FIG. 13 is a Lorenz curve plotting the cumulative share of reads on the vertical axis versus the % of sgRNA spacer by fraction of total read, where the Gini Coefficient of 0.97.



FIG. 14 is a graph, plotting sgRNA reads on the vertical axis versus GC content in percentage on the horizontal axis.



FIG. 15 is a violin plot of Log 2 Fold Enrichment values (vertical axis) for the indicated conditions and controls (horizontal axis).



FIG. 16 is a boxplot showing the Log 2fold enrichment (horizontal axis) for the off-target controls and conditions indicated on the vertical axis.



FIG. 17 is a graph that plots the Gina coefficient (vertical axis) by library (horizontal axis).



FIG. 18 is a graph that plots the fraction of spacer sequences of observed (vertical axis) by library (horizontal axis).



FIG. 19 is a graph that plots the sequencing depth (vertical axis) by library (horizontal axis) in the sequencing runs that resulted in the data of FIG. 17 and FIG. 18.

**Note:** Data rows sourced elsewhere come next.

Definition closed_pog : Prop :=
  forall tau, is_face tau ->
    forall a, (Qp a /\ ~ tau a) <->
      exists rho, is_ray rho /\ ~ (forall x, rho x -> tau x) /\
        exists r b, rho r /\ r <> 0 /\ Qp b /\ a = r + b.

End POGroup.

(* Q-modules: Q-graded k-vector spaces with structure maps M_q -> M_q' *)
(* for q <= q'.  The map qact q q' is only meaningful when q <= q'.    *)
Unset Implicit Arguments.
Record qmodule (k : fieldType) (Q : zmodType) (Qp : Q -> Prop) := QModule {
  qcar :> Q -> lmodType k;
  qact : forall q q' : Q, qcar q -> qcar q';
  qact_linear : forall q q', pole Qp q q' -> linear (qact q q');
  qact_id : forall q (y : qcar q), qact q q y = y;
  qact_comp : forall q q' q'', pole Qp q q' -> pole Qp q' q'' ->
     forall y : qcar q, qact q' q'' (qact q q' y) = qact q q'' y }.
Set Implicit Arguments.
Arguments qact {k Q Qp} _ q q' _.
Arguments qmodule k {Q} Qp.
Arguments qcar {k Q Qp} _ _.

(* "Setoid" presentation of graded modules (data only): carriers,     *)
(* an equality relation, and the operations.  Used to describe the    *)
(* localizations M_tau concretely without building quotient types.     *)
Record smod (k : fieldType) (Q : zmodType) := SMod {
  scar : Q -> Type;
  seqv : forall q, scar q -> scar q -> Prop;
  szero : forall q, scar q;
  sadd : forall q, scar q -> scar q -> scar q;
  sscale : forall q, k -> scar q -> scar q;
  sact : forall q q', scar q -> scar q' }.
Arguments scar {k Q} _ q.
Arguments seqv {k Q} {_ q} _ _.
Arguments szero {k Q} _ q.
Arguments sadd {k Q} {_ q} _ _.
Arguments sscale {k Q} {_ q} _ _.
Arguments sact {k Q} _ q q' _.

Section SMod.
Variables (k : fieldType) (Q : zmodType) (Qp : Q -> Prop).

Definition smod_of (M : qmodule k Qp) : smod k Q :=
  @SMod k Q (fun q => M q) (fun q => @eq (M q)) (fun q => 0)
        (fun q => +%R) (fun q => *:%R) (@qact _ _ _ M).

(* Localization N_tau = N (x)_{k[Q_+]} k[Q_+ + Z tau]: an element of degree
   q is a fraction y / x^f with f in tau and y in N_{q+f}; two fractions
   y/x^f and z/x^g are equal iff x^(g+h) y = x^(f+h) z for some h in tau. *)
Record locT (N : smod k Q) (tau : Q -> Prop) (q : Q) : Type := LocT {
  lden : Q; lden_in : tau lden; lnum : scar N (q + lden) }.

Variables (N : smod k Q) (tau : Q -> Prop) (Ht : is_face Qp tau).

Definition loc_eqv q (x y : locT N tau q) : Prop :=
  exists h, tau h /\
    seqv (sact N (q + lden x) (q + lden x + lden y + h) (lnum x))
         (sact N (q + lden y) (q + lden x + lden y + h) (lnum y)).

Definition loc_zero q : locT N tau q :=
  @LocT N tau q 0 (face0 Ht) (szero N (q + 0)).

Definition loc_add q (x y : locT N tau q) : locT N tau q :=
  @LocT N tau q (lden x + lden y) (faceD Ht (lden_in x) (lden_in y))
    (sadd (sact N (q + lden x) (q + (lden x + lden y)) (lnum x))
          (sact N (q + lden y) (q + (lden x + lden y)) (lnum y))).

Definition loc_scale q (c : k) (x : locT N tau q) : locT N tau q :=
  @LocT N tau q (lden x) (lden_in x) (sscale c (lnum x)).

Definition loc_act q q' (x : locT N tau q) : locT N tau q' :=
  @LocT N tau q' (lden x) (lden_in x) (sact N (q + lden x) (q' + lden x) (lnum x)).

Definition loc : smod k Q :=
  @SMod k Q (locT N tau) loc_eqv loc_zero loc_add loc_scale loc_act.

Definition loc_map q (y : scar N q) : scar loc q :=
  @LocT N tau q 0 (face0 Ht) (sact N q (q + 0) y).

End SMod.

Section Notions.
Variables (k : fieldType) (Q : zmodType) (Qp : Q -> Prop).

Definition is_submodule (N : smod k Q) (S : forall q, scar N q -> Prop) : Prop :=
  [/\ forall q (x y : scar N q), seqv x y -> S q x -> S q y,
      forall q, S q (szero N q),
      forall q (x y : scar N q), S q x -> S q y -> S q (sadd x y),
      forall q c (x : scar N q), S q x -> S q (sscale c x) &
      forall q q' (x : scar N q), pole Qp q q' -> S q x -> S q' (sact N q q' x)].

Definition nonzero_sub (N : smod k Q) (S : forall q, scar N q -> Prop) : Prop :=
  exists q (x : scar N q), S q x /\ ~ seqv x (szero N q).

Definition essential (N : smod k Q) (S' : forall q, scar N q -> Prop) : Prop :=
  forall S : forall q, scar N q -> Prop, is_submodule S -> nonzero_sub S ->
    exists q (x : scar N q), S q x /\ S' q x /\ ~ seqv x (szero N q).

Definition Gamma (N : smod k Q) (tau : Q -> Prop) q (x : scar N q) : Prop :=
  forall tau' (H : is_face Qp tau'), ~ (forall a, tau' a -> tau a) ->
    seqv (loc_map H x) (szero (loc N H) q).

Definition coprimary (M : qmodule k Qp) (tau : Q -> Prop) (Ht : is_face Qp tau)
  : Prop :=
  (forall q (y z : M q),
      seqv (loc_map (N := smod_of M) Ht y) (loc_map (N := smod_of M) Ht z) -> y = z)
  /\ essential (N := loc (smod_of M) Ht) (Gamma (N := loc (smod_of M) Ht) tau).

Definition persistent (M : qmodule k Qp) (tau : Q -> Prop) q (y : M q) : Prop :=
  forall f, tau f -> qact M q (q + f) y <> 0.

Definition transient (M : qmodule k Qp) (tau : Q -> Prop) q (y : M q) : Prop :=
  forall f, Qp f -> ~ tau f ->
    exists n0 : nat, forall lam : nat, (n0 <= lam)%N -> qact M q (q + f *+ lam) y = 0.

Definition coprimary_elt (M : qmodule k Qp) (tau : Q -> Prop) q (y : M q) : Prop :=
  persistent tau y /\ transient tau y.

Definition divides (M : qmodule k Qp) q q' (y : M q) (y' : M q') : Prop :=
  pole Qp q q' /\ qact M q q' y = y'.

End Notions.

(* A fraction w / x^d of M_tau vanishes exactly when w is not tau-persistent, and it lies in
   Gamma_tau exactly when, for every face tau' not contained in tau, some x^h w with h in tau'
   is not tau-persistent.  Hence M -> M_tau is injective iff every nonzero element is
   tau-persistent, a property that divisors inherit from their multiples; and if the numerator
   of a nonzero fraction divides a coprimary element y', then y' / x^d is a nonzero element of
   Gamma_tau in the submodule generated by that fraction.
   Conversely, essentiality applied to the submodule generated by y / 1 gives a nonzero w / x^d
   in Gamma_tau with x^e w a nonzero scalar multiple of the image of y.  Then w is persistent,
   and it is transient: each f in Q_+ \ tau is r + b with r a nonzero element of a ray rho not
   in tau, some x^h w with h in rho vanishes, and closedness bounds h by a multiple of r. *)

From mathcomp Require Import all_boot all_order all_algebra.
From Stdlib Require Import Classical.
Import GRing.Theory.
Set Implicit Arguments.
Unset Strict Implicit.
Unset Printing Implicit Defensive.
Local Open Scope ring_scope.

Section StructureMaps.
Variables (k : fieldType) (Q : zmodType) (Qp : Q -> Prop) (M : qmodule k Qp).
Local Notation act := (qact M).

Let act_linear p p' : pole Qp p p' -> linear (act p p') := @qact_linear _ _ _ M p p'.

Lemma qactZ p p' c (y : M p) : pole Qp p p' -> act p p' (c *: y) = c *: act p p' y.
Proof. move=> le; exact: (scalable_linear (act_linear le)). Qed.

Lemma qactD p p' (y z : M p) :
  pole Qp p p' -> act p p' (y + z) = act p p' y + act p p' z.
Proof. by move=> le; have := act_linear le 1 y z; rewrite !scale1r. Qed.

Lemma qactB p p' (y z : M p) :
  pole Qp p p' -> act p p' (y - z) = act p p' y - act p p' z.
Proof. move=> le; exact: (zmod_morphism_linear (act_linear le)). Qed.

Lemma qact0 p p' : pole Qp p p' -> act p p' 0 = 0.
Proof. by move=> le; rewrite -(scale0r 0) qactZ // scale0r. Qed.

Lemma qact_trans p m p' (y : M p) :
  pole Qp p m -> pole Qp m p' -> act m p' (act p m y) = act p p' y.
Proof. move=> le1 le2; exact: (@qact_comp _ _ _ M _ _ _ le1 le2). Qed.

End StructureMaps.

Section POGroup.
Variables (Q : zmodType) (Qp : Q -> Prop) (HQ : is_pogroup Qp).

Lemma Qp0 : Qp 0. Proof. exact: pog0 HQ. Qed.

Lemma QpD a b : Qp a -> Qp b -> Qp (a + b). Proof. exact: pogD. Qed.

Lemma QpMn a n : Qp a -> Qp (a *+ n).
Proof.
move=> Qa; elim: n => [|n IHn]; first by rewrite mulr0n; apply: Qp0.
by rewrite mulrS; apply: QpD.
Qed.

Lemma pole_refl p : pole Qp p p. Proof. by rewrite /pole subrr; apply: Qp0. Qed.

Lemma pole_trans p m p' : pole Qp p m -> pole Qp m p' -> pole Qp p p'.
Proof. by rewrite /pole => le1 le2; rewrite -(subrK m p') -addrA; apply: QpD. Qed.

Lemma pole_addr p a : Qp a -> pole Qp p (p + a).
Proof. by rewrite /pole addrC addKr. Qed.

Lemma pole_add2l p a b : pole Qp a b -> pole Qp (p + a) (p + b).
Proof. by rewrite /pole opprD addrACA subrr add0r. Qed.

Lemma pole_add2r p a b : pole Qp a b -> pole Qp (a + p) (b + p).
Proof. by rewrite !(addrC _ p); apply: pole_add2l. Qed.

Lemma pole_mulrn a m n : Qp a -> (m <= n)%N -> pole Qp (a *+ m) (a *+ n).
Proof. by move=> Qa /subnKC <-; rewrite mulrnDr; apply/pole_addr/QpMn. Qed.

Lemma faceMn (sigma : Q -> Prop) a n : is_face Qp sigma -> sigma a -> sigma (a *+ n).
Proof.
move=> F sa; elim: n => [|n IHn]; first by rewrite mulr0n; apply: face0 F.
by rewrite mulrS; apply: (faceD F).
Qed.

Definition face_span (r : Q) (a : Q) : Prop := Qp a /\ exists l : nat, pole Qp a (r *+ l).

Lemma face_span_face r : is_face Qp (face_span r).
Proof.
split.
- by move=> a [].
- by split; [exact: Qp0 | exists 0%N; rewrite mulr0n; apply: pole_refl].
- move=> a b [Qa [l la]] [Qb [m mb]]; split; first exact: QpD.
  by exists (l + m)%N; rewrite mulrnDr /pole opprD addrACA; apply: QpD.
- move=> a b Qa na Qb [_ [l abl]]; apply: na; split => //; exists l.
  exact: pole_trans (pole_addr a Qb) abl.
Qed.

Lemma face_span_id r : Qp r -> face_span r r.
Proof. by move=> Qr; split => //; exists 1%N; apply: pole_refl. Qed.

FIG. 20 is a graph that plots the total number of spacer oligo sequence reads to mutated spacer reads (horizontal axis) by library.





DETAILED DESCRIPTION

Aspects of the present invention are directed to selecting, in multiplex, certain nucleic acid molecules containing desirable sequences out of large populations of mixed nucleic acid molecules containing many different sequences. In some aspects of the invention, this includes enriching DNA molecules having perfect sequences out of a mixed population of molecules with both perfect sequences and sequences with errors. In some aspects of the invention, it also includes taking large libraries or population of DNA molecules and selecting subset libraries of interest.


Aspects of the present invention are also directed to making and using single guide RNAs (“sgRNAs”), particularly making in sgRNA libraries that target many sequences of interest. In some aspects of the invention, all steps of the manufacture of single guide RNA libraries are conducted in vitro.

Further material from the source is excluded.